**TASK OBJECTIVE**
Give as output the line that contains "[set x | forall i, 0 <= x i <= 1].", followed by every remaining line of the entries, unchanged and with nothing added.

**ENTRIES PROVIDED**
(* Let $d\ge2$ and let $K$ be a positive integer. For each $x\in[0,1]$ fix one binary expansion $x=\sum_{j\ge1}a_j^x2^{-j}$, $a_j^x\in\{0,1\}$, and define $\phi_K(x)=\sum_{j=1}^K2a_j^x3^{-d(j-1)}$. Suppose $f:[0,1]^d\to\mathbb{R}$ satisfies $|f(\mathbf x)-f(\mathbf y)|\le Q|\mathbf x-\mathbf y|_\infty^\beta$ for all $\mathbf x,\mathbf y\in[0,1]^d$, for some $0<\beta\le1$ and $Q\ge0$. Then there exists a function $g:\mathcal C\to\mathbb{R}$ on the Cantor set $\mathcal C$ such that $|g(x)-g(y)|\le2^\beta Q|x-y|^{\frac{\beta\log2}{d\log3}}$ for all $x,y\in\mathcal C$, $$\Big|f(\mathbf x)-g\Big(\sum_{p=1}^d3^{-p}\phi_K(x_p)\Big)\Big|\le Q\,2^{-\beta(K-4)}\qquad\text{for all }\mathbf x=(x_1,\ldots,x_d)\in[0,1]^d$$ (note $\sum_{p=1}^d3^{-p}\phi_K(x_p)\in\mathcal C$), and $\sup_{\mathbf x\in[0,1]^d}|f(\mathbf x)|=\sup_{z\in\mathcal C}|g(z)|$.
   Context: $|\cdot|_\infty$ denotes the maximum norm on $\mathbb{R}^d$. The Cantor set $\mathcal C\subset[0,1]$ is the set of numbers having a ternary expansion using only the digits $0$ and $2$. *)

From HB Require Import structures.
From mathcomp Require Import all_boot all_order all_algebra.
From mathcomp Require Import all_classical all_reals all_analysis.
Set Implicit Arguments. Unset Strict Implicit. Unset Printing Implicit Defensive.
Import Order.TTheory GRing.Theory Num.Theory.
Import numFieldNormedType.Exports.
Local Open Scope classical_set_scope.
Local Open Scope ring_scope.

Definition cube (R : realType) (d : nat) : set ('I_d -> R) :=
  [set x | forall i, 0 <= x i <= 1].

Definition linf_dist (R : realType) (d : nat) (x y : 'I_d -> R) : R :=
  \big[Num.max/0]_(i < d) `|x i - y i|.

Definition cantor_set (R : realType) : set R :=
  [set x | exists c : nat -> bool,
     (fun n => \sum_(1 <= j < n) (2 * (c j)%:R) / 3 ^+ j) @ \oo --> x].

**ANSWER FOR THE TASK**
  [set x | forall i, 0 <= x i <= 1].

Definition linf_dist (R : realType) (d : nat) (x y : 'I_d -> R) : R :=
  \big[Num.max/0]_(i < d) `|x i - y i|.

Definition cantor_set (R : realType) : set R :=
  [set x | exists c : nat -> bool,
     (fun n => \sum_(1 <= j < n) (2 * (c j)%:R) / 3 ^+ j) @ \oo --> x].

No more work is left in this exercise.